Published on July 12, 2007
by Steve Hoersting

File Under: Contributions & Limits, Coordination, Political Parties

Marc Elias is tired.

Elias is, by all accounts, an excellent lawyer; a partner in the premier political-law compliance shop in the country.  Nonetheless, yesterday before the FEC he suggested that simplicity in hybrid ad regulation is at a premium, saying wearily (but with a smile), “If I have to tell my clients one more time that ‘It’s not that simple’…”.

Elias just wants a rule, and who could blame him.  Campaign finance law has been fully in flux since 2002.  So, Elias proposes that the FEC adopt a 50/50 split and be done of it, for “not even the [FEC’s] Audit staff could misapply 50/50.”  Elias knows who his clients are: national candidates and national party committees, organizations that would use a flat 50% allocation rule to continue working with each other, and as an easy “don’t blame me, blame the FEC” excuse for not working with other, lesser committees.  (Illinois Republican Party Counsel Don McGahn, for example, suggested that a flat 50% rule would keep a lot of good federal candidates from helping a lot of good State candidates and party committees).

Funny then that Elias passed recently on an opportunity to advocate for the simplest of all rules on hybrid ads: full repeal of the party-coordinated expenditure limit, a.k.a. the 441a(d) limit.  Rather, Elias defended the limit before the Senate Committee on Rules and Administration, necessarily conceding by implication (otherwise it would fail under the First Amendment), that his national party committee clients can somehow corrupt his candidate committee clients.  But those who know Elias don’t really believe he believes this.  Perhaps we may infer, then, that Elias’s clients see a comparative advantage in preserving 441a(d).

If true, Elias might say that the trimming of the rules of engagement for partisan advantage in our American political system didn’t begin with him, or even with his clients.

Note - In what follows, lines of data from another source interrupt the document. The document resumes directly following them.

Lemma powR_convex (R : realType) (p l x y : R) : 1 <= p -> 0 <= l <= 1 ->
  0 <= x -> 0 <= y -> (l * x + (1 - l) * y) `^ p <= l * x `^ p + (1 - l) * y `^ p.
Proof.
move=> p1 /andP[l0 l1] x0 y0.
have := convex_powR p1 (Itv01 l0 l1) (x := x) (y := y).
by rewrite !inE /= !in_itv /= !andbT => /(_ x0 y0); rewrite !convRE.
Qed.

Section PNorm.
Variables (R : realType) (n : nat) (p : R).
Hypothesis p_ge1 : 1 <= p.
Implicit Types a b u v : 'rV[R]_n.

Let p_gt0 : 0 < p. Proof. exact: lt_le_trans ltr01 p_ge1. Qed.

Let sum_powR_ge0 a : 0 <= \sum_(j < n) `|a ord0 j| `^ p.
Proof. by apply: sumr_ge0 => j _; exact: powR_ge0. Qed.

Lemma pnorm_ge0 a : 0 <= pnorm p a.
Proof. exact: powR_ge0. Qed.

Lemma pnorm_powR a : pnorm p a `^ p = \sum_(j < n) `|a ord0 j| `^ p.
Proof. by rewrite -powRrM mulVf ?gt_eqF // powRr1. Qed.

Lemma pnormZ c a : 0 <= c -> pnorm p (c *: a) = c * pnorm p a.
Proof.
move=> c0; rewrite /pnorm (eq_bigr (fun j => c `^ p * `|a ord0 j| `^ p)); last first.
  by move=> j _; rewrite mxE normrM ger0_norm // powRM.
by rewrite -mulr_sumr powRM ?powR_ge0 // -powRrM mulfV ?gt_eqF // powRr1.
Qed.

Lemma pnorm_eq0 a : pnorm p a = 0 -> a = 0.
Proof.
move=> /powR_eq0_eq0 /eqP; rewrite psumr_eq0 => [/allP a0 | j _]; last exact: powR_ge0.
apply/rowP => j; rewrite mxE; apply: normr0_eq0; apply: (@powR_eq0_eq0 _ _ p).
by apply/eqP; exact: a0 (mem_index_enum _).
Qed.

Perhaps it started in 2004, when Republican compliance lawyers, pushed by clients tired of the unfair advantage given outside groups by McCain-Feingold and its ratification in McConnell, pushed the FEC to regulate 527 organizations.

Or, perhaps it started when two party mavericks (read misfits) proposed sweeping changes in their names, with at least one sponsor dismayed at how thoroughly his party’s apparatus rose against him in his Presidential bid in 2000.

Or, perhaps it started in 1969 by a Democratic party and legislators surprised at the unblessed rise of Eugene McCarthy the year before.

Or, perhaps it started with “Pitchfork” Ben Tillman, a Southern, agrarian populist not keen on banks and corporations, the “money power” that primarily backed anti-segregationist Republican politicians in 1907; or even by John Adams and Federalists weary of barbs flung by Jefferson and his Republicans in 1798.

However it started, it is time for it to stop.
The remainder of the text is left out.